What the task asks -
Look through the lines below and extract any with the word "bool".

Data for this task -
# # # # # # #

(* A metrizable space $X$ satisfies $S_1(\mathcal{K}_{\Omega},\mathcal{K}_{\Omega})$ if and only if $vet_1(Q_p(X,\mathbb{D}))=\omega$.
   Context: A function $f:X\to Y$ is quasicontinuous if for every $x\in X$, every open $V\ni f(x)$ and every open $U\ni x$ there is a nonempty open $W\subseteq U$ with $f(W)\subseteq V$. $Q_p(X,\mathbb{D})$ is the space of quasicontinuous functions from $X$ to the discrete space $\mathbb{D}=\{0,1\}$ with the topology of pointwise convergence. $\mathcal{K}_\Omega$ is the set of families $\mathcal{U}$ of open subsets of $X$ with $X=\bigcup\{\overline{U}:U\in\mathcal{U}\}$, no element of $\mathcal{U}$ dense in $X$, and for each finite $F\subseteq X$ some $U\in\mathcal{U}$ with $F\subseteq\overline{U}$. $S_1(\mathcal{A},\mathcal{B})$: for every sequence $(A_n)_{n\in\mathbb{N}}$ of elements of $\mathcal{A}$ there are $b_n\in A_n$ with $\{b_n:n\in\mathbb{N}\}\in\mathcal{B}$. $vet_1(Z)=\omega$ means: for every $z\in Z$ and every sequence $(A_n)_{n\in\omega}$ of subsets of $Z$ with $z\in\bigcap_n\overline{A_n}$ there are $a_n\in A_n$ with $z\in\overline{\{a_n:n\in\omega\}}$. *)

From HB Require Import structures.
From mathcomp Require Import all_boot all_order all_algebra.
From mathcomp Require Import all_classical all_reals.
From mathcomp Require Import topology function_spaces.
From Stdlib Require Import Reals.

Set Implicit Arguments.
Unset Strict Implicit.
Unset Printing Implicit Defensive.

Local Open Scope classical_set_scope.

Definition metrizable (X : topologicalType) : Prop :=
  exists d : X -> X -> R,
    (forall x y, Rle 0 (d x y)) /\
    (forall x y, d x y = R0 <-> x = y) /\
    (forall x y, d x y = d y x) /\
    (forall x y z, Rle (d x z) (Rplus (d x y) (d y z))) /\
    (forall U : set X, open U <->
       (forall x, U x -> exists e : R, Rlt 0 e /\
          (forall y, Rlt (d x y) e -> U y))).

Definition quasicontinuous (X Y : topologicalType) (f : X -> Y) : Prop :=
  forall (x : X) (V : set Y) (U : set X),
    open V -> V (f x) -> open U -> U x ->
    exists W : set X, [/\ open W, W !=set0, W `<=` U & f @` W `<=` V].

Definition K_Omega (X : topologicalType) (calU : set (set X)) : Prop :=
  [/\ (forall U, calU U -> open U),
      \bigcup_(U in calU) closure U = setT,
      (forall U, calU U -> closure U <> setT) &
      (forall F : set X, finite_set F ->
         exists2 U, calU U & F `<=` closure U)].

Definition S1 (X : Type) (calA calB : set (set (set X))) : Prop :=
  forall An : nat -> set (set X), (forall n, calA (An n)) ->
    exists b : nat -> set X, (forall n, An n (b n)) /\ calB (range b).

(* The underlying set of Q_p(X, D): quasicontinuous maps X -> {0,1}
   (bool with its discrete topology), as a subset of the pointwise
   (product) topology space {ptws X -> bool}. *)
Definition Qp (X : topologicalType) : set {ptws X -> bool} :=
  [set f | quasicontinuous (f : X -> bool)].

(* vet_1(Z) = omega for a subspace Z of a topological space T.
   Closure in the subspace Z of A ⊆ Z is (closure A) ∩ Z, and the points
   considered lie in Z, so ambient closures may be used. *)
Definition vet1_omega (T : topologicalType) (Z : set T) : Prop :=
  forall z, Z z ->
  forall A : nat -> set T, (forall n, A n `<=` Z) ->
    (forall n, closure (A n) z) ->
    exists a : nat -> T, (forall n, A n (a n)) /\ closure (range a) z.

From mathcomp Require Import all_boot all_classical topology function_spaces.
From Stdlib Require Import Reals Lra.

(* The closure of an open set U is recorded by the quasicontinuous indicator of
   closure U, and a family of open sets has the finite-cover property of K_Omega
   exactly when these indicators accumulate at the constant function true; this
   gives vet_1 => S_1 at that point.
   Conversely, let sets A_n of quasicontinuous functions accumulate at a
   quasicontinuous f (for finite X the topology of pointwise convergence is
   discrete and there is nothing to prove). Quasicontinuity of f and of a g in
   A_n agreeing with f on a finite set F yields small open pieces around F;
   their union O is not dense, and on closure O the function g differs from f
   only at points where f is locally constant but which lie within 1/(n+1) of a
   point where f is not. These O form a K_Omega family. A K_Omega selection O_n
   covers each finite F for infinitely many n, and the points of F where f is
   locally constant are at positive distance from those where it is not, so for
   large such n the g_n attached to O_n agrees with f on F. *)

Local Open Scope classical_set_scope.

Section RealSequences.
Local Open Scope R_scope.

Lemma inv_INR_S_gt0 (n : nat) : 0 < / INR n.+1.
Proof. by apply: Rinv_0_lt_compat; apply: lt_0_INR; apply/PeanoNat.Nat.lt_0_succ. Qed.

Lemma inv_INR_S_le {n m : nat} : (n <= m)%nat -> / INR m.+1 <= / INR n.+1.
Proof.
move=> /leP nm; apply: Rinv_le_contravar; first exact/lt_0_INR/PeanoNat.Nat.lt_0_succ.
by apply: le_INR; apply: le_n_S.
Qed.

Lemma inv_INR_S_lt {e : R} : 0 < e -> exists n, / INR n.+1 < e.
Proof.
move=> e_gt0; have [n [ne n_gt0]] := archimed_cor1 e e_gt0.
exists n; apply: Rle_lt_trans ne; apply: Rinv_le_contravar; first exact: lt_0_INR n_gt0.
by apply: le_INR; apply: le_S.
Qed.

Lemma nonincreasing_minorant (r : nat -> R) : (forall m, 0 < r m) ->
  exists s : nat -> R, (forall m, 0 < s m /\ s m <= r m) /\
    forall k m, (k <= m)%nat -> s m <= s k.
Proof.
move=> r_gt0.
pose s := fix s m := if m is k.+1 then Rmin (s k) (r k.+1) else r O.
exists s; split.
  elim=> [|k [sk_gt0 _]]; first by split; [exact: r_gt0|exact: Rle_refl].
  by split; [exact: Rmin_pos|exact: Rmin_r].
move=> k; elim=> [|m IHm]; first by rewrite leqn0 => /eqP ->; apply: Rle_refl.
rewrite leq_eqVlt => /orP [/eqP <-|]; first exact: Rle_refl.
by rewrite ltnS => /IHm; apply: Rle_trans; apply: Rmin_l.
Qed.

End RealSequences.

Lemma finite_set_uniform_index (T : eqType) (G : set T) (P : T -> nat -> Prop) :
  finite_set G -> (forall x m n, (m <= n)%nat -> P x m -> P x n) ->
  (forall x, G x -> exists n, P x n) -> exists n, forall x, G x -> P x n.
Proof.
move=> /finite_seqP [s ->] P_mono; elim: s => [|a s IHs] P_ex; first by exists 0%N.
have [na Pa] := P_ex a (mem_head a s).
have [ns Ps] : exists n, forall x, [set` s] x -> P x n.
  by apply: IHs => x xs; apply: P_ex; rewrite /= inE xs orbT.
exists (maxn na ns) => x; rewrite /= inE => /orP [/eqP ->|xs].
  exact: P_mono (leq_maxl _ _) Pa.
exact: P_mono (leq_maxr _ _) (Ps x xs).
Qed.

Lemma exists_notin_finite_set {T : Type} {F : set T} :
  ~ finite_set [set: T] -> finite_set F -> exists p, ~ F p.
Proof.
move=> infT finF; apply: contrapT => /forallNP Fall.
by apply/infT/(sub_finite_set _ finF) => p _; exact: contrapT (Fall p).
Qed.

Lemma closure_bigcup_finite {T : topologicalType} {I : choiceType} {D : set I}
    (W : I -> set T) :
  finite_set D -> closure (\bigcup_(i in D) W i) `<=` \bigcup_(i in D) closure (W i).
Proof.
move=> finD; rewrite [X in _ `<=` X](closure_id _).1; last first.
  by apply: closed_bigcup => // i _; exact: closed_closure.
by apply: closureS => y [i Di Wy]; exists i => //; exact: subset_closure.
Qed.

Section KOmega.
Context {X : topologicalType}.

Lemma K_Omega_from_finite_covers (calU : set (set X)) :
  (forall U, calU U -> open U) -> (forall U, calU U -> closure U <> setT) ->
  (forall F, finite_set F -> exists2 U, calU U & F `<=` closure U) ->
  K_Omega calU.
Proof.
move=> calU_open calU_nondense calU_cover; split => //.
apply/seteqP; split => // x _; have [U calU_U xU] := calU_cover _ (finite_set1 x).
by exists U => //; exact: xU.
Qed.

Lemma K_Omega_range_cofinal {b : nat -> set X} {F : set X} :
  K_Omega (range b) -> finite_set F ->
  forall N, exists2 n, (N <= n)%nat & F `<=` closure (b n).
Proof.
move=> [_ _ b_nondense b_cover] finF N.
have /choice [y yNb] : forall m, exists y, ~ closure (b m) y.
  move=> m; apply: contrapT => /forallNP b_dense; apply: (b_nondense (b m)).
    by exists m.
  by apply/seteqP; split => // z _; apply: contrapT; exact: b_dense.
have finFy : finite_set (F `|` y @` `I_N).
  by rewrite finite_setU; split => //; apply: finite_image; exact: finite_II.
have [_ [n _ <-] FyU] := b_cover _ finFy.
exists n; last by move=> x Fx; apply: FyU; left.
by rewrite leqNgt; apply/negP => nN; apply: (yNb n); apply: FyU; right; exists n.
Qed.

End KOmega.

Section Pointwise.
Context {X : topologicalType}.
Implicit Types (A : set {ptws X -> bool}) (z : {ptws X -> bool}) (F : set X).

Definition agree_on F z : set {ptws X -> bool} := [set g | forall x, F x -> g x = z x].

# # # # # # #

Exercise response -
   (bool with its discrete topology), as a subset of the pointwise
   (product) topology space {ptws X -> bool}. *)
Definition Qp (X : topologicalType) : set {ptws X -> bool} :=
  [set f | quasicontinuous (f : X -> bool)].
Implicit Types (A : set {ptws X -> bool}) (z : {ptws X -> bool}) (F : set X).
Definition agree_on F z : set {ptws X -> bool} := [set g | forall x, F x -> g x = z x].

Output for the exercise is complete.